__Aim of the task__: Using the material below, copy every line where "intros" appears.

__Records__:
◇ ◇ ◇ ◇

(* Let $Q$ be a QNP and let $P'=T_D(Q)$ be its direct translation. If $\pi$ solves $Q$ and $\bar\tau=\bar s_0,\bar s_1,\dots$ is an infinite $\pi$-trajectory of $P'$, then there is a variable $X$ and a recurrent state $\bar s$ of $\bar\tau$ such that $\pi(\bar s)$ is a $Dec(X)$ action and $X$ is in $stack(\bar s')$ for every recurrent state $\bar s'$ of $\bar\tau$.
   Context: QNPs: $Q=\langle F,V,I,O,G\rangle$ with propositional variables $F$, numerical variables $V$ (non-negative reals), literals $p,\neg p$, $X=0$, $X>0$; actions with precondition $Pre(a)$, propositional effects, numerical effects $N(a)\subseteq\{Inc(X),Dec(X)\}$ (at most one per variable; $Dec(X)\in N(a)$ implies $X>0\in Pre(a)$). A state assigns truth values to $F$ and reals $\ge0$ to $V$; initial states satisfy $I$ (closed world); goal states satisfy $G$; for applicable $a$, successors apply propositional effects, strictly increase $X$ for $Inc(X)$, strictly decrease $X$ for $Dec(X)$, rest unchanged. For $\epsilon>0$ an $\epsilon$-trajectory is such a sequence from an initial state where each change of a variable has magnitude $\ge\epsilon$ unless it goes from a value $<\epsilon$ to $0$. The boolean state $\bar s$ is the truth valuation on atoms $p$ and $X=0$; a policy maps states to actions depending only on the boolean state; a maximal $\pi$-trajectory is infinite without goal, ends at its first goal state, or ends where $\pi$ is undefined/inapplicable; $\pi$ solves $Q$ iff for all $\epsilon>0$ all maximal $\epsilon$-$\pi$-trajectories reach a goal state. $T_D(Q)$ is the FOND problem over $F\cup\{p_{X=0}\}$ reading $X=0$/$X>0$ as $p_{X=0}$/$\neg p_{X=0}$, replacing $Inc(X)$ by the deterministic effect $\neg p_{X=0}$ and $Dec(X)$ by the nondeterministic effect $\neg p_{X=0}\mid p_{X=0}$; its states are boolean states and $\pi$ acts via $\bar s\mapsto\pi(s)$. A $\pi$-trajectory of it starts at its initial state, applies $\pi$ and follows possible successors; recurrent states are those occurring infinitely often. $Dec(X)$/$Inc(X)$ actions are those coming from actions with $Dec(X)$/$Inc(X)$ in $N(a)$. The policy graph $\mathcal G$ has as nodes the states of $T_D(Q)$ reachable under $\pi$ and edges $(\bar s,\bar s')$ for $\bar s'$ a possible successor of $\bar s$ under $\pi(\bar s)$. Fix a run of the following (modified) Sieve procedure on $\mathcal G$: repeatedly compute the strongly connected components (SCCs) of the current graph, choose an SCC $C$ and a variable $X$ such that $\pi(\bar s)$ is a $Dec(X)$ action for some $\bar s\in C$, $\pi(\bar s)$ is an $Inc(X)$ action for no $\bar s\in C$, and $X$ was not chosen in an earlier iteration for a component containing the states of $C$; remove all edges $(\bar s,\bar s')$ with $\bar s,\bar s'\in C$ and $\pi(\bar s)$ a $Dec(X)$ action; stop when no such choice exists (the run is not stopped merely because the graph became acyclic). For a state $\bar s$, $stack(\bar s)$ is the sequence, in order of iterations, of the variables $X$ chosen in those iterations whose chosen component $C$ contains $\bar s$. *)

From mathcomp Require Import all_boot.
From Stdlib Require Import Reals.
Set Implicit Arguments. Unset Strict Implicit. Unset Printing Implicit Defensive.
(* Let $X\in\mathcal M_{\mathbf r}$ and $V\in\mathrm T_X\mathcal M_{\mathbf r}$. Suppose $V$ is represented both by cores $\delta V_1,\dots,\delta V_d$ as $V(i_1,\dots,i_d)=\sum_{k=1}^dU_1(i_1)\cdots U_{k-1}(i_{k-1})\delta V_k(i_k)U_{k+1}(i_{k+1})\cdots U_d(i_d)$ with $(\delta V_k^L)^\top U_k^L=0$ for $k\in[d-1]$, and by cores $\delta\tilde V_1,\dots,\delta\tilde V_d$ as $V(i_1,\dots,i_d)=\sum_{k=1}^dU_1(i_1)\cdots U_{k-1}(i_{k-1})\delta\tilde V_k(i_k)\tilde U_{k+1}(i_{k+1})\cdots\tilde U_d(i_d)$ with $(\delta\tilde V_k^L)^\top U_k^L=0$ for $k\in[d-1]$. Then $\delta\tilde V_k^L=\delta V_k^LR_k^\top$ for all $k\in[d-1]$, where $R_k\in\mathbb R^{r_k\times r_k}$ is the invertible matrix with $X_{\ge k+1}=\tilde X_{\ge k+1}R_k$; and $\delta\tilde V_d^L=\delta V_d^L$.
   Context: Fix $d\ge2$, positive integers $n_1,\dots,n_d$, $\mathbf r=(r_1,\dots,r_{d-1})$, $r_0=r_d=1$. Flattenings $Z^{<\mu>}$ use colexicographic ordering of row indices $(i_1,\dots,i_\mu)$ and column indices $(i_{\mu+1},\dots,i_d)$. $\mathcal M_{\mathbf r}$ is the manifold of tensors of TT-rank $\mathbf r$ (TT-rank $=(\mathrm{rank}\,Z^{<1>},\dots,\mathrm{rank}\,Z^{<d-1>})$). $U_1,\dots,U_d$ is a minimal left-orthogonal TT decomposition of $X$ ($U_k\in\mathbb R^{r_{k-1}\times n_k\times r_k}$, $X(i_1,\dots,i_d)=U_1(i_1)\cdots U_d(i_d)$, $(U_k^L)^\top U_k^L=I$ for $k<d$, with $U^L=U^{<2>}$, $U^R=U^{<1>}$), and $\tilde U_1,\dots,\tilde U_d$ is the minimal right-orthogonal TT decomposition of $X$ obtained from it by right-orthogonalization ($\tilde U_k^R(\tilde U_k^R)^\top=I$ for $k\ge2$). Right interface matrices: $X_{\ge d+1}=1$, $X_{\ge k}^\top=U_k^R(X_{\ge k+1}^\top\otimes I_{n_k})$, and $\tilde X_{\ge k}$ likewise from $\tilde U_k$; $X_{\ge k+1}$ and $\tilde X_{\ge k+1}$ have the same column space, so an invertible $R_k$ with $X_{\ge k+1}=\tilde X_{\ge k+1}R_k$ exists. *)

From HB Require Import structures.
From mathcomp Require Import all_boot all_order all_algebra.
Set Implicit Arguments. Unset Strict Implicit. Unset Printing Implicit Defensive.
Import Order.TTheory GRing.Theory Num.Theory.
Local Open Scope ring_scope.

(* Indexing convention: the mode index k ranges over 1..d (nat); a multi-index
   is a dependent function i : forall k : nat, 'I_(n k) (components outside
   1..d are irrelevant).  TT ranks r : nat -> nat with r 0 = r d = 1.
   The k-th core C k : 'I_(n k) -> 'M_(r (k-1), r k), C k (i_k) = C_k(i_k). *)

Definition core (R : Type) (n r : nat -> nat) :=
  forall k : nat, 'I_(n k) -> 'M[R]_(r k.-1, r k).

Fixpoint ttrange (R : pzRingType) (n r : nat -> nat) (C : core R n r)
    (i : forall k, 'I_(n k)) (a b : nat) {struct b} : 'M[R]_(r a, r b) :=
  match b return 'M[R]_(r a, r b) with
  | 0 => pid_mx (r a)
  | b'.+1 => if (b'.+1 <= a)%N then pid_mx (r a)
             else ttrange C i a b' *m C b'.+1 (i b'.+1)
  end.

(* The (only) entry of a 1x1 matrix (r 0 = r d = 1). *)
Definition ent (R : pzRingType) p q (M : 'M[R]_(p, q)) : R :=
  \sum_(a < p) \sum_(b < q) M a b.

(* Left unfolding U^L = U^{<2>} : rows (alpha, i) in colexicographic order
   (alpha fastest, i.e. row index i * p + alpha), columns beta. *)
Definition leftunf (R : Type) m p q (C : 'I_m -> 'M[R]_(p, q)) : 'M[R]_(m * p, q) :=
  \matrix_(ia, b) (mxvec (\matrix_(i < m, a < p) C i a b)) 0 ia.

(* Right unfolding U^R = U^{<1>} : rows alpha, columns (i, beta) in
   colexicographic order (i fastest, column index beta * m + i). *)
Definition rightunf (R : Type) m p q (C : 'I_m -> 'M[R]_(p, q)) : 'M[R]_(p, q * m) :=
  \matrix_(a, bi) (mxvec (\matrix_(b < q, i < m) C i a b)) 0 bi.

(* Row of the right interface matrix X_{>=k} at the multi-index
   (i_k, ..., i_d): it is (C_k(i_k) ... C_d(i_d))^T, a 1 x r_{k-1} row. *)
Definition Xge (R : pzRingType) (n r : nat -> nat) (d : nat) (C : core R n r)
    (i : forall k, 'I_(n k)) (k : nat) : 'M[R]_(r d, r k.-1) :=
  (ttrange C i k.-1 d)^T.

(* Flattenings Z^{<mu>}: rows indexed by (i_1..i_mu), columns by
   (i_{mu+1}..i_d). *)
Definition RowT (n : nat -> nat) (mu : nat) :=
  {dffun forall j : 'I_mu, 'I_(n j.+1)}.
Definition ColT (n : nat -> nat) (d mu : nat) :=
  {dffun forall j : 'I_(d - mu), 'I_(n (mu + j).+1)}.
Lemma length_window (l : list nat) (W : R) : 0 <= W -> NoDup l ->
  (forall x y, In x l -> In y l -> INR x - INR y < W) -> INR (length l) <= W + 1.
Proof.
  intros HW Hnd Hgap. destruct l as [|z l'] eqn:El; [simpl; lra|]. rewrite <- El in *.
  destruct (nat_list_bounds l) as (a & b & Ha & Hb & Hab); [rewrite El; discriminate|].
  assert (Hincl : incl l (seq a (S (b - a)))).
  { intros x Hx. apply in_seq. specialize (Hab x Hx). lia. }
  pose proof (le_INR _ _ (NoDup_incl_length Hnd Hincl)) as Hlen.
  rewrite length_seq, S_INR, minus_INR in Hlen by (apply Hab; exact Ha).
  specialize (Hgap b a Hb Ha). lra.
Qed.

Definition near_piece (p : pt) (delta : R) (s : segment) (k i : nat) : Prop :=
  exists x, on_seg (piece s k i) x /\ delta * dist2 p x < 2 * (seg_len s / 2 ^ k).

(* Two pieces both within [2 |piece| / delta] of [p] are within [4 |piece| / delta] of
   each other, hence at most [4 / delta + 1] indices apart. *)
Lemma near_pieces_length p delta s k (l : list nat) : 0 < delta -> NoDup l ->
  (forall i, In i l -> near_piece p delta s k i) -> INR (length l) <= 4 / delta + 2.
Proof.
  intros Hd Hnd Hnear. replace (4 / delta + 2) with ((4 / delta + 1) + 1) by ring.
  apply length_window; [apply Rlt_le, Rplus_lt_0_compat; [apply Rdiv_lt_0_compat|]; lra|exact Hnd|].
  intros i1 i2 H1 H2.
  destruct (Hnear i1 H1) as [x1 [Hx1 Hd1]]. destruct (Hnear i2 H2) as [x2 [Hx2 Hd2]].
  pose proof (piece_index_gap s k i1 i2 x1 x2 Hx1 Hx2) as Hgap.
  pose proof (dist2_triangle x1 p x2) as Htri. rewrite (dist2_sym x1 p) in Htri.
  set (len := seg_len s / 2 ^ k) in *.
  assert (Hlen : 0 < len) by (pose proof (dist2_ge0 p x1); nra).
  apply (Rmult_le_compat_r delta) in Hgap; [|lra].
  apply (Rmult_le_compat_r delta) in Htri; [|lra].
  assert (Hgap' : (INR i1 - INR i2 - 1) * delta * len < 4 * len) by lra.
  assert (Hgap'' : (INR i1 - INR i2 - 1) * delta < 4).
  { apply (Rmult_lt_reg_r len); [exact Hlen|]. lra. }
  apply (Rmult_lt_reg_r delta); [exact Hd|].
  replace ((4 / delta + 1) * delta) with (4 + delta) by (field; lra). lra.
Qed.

◇ ◇ ◇ ◇

__Written solution__:
  intros HW Hnd Hgap. destruct l as [|z l'] eqn:El; [simpl; lra|]. rewrite <- El in *.
  { intros x Hx. apply in_seq. specialize (Hab x Hx). lia. }
  intros Hd Hnd Hnear. replace (4 / delta + 2) with ((4 / delta + 1) + 1) by ring.
  intros i1 i2 H1 H2.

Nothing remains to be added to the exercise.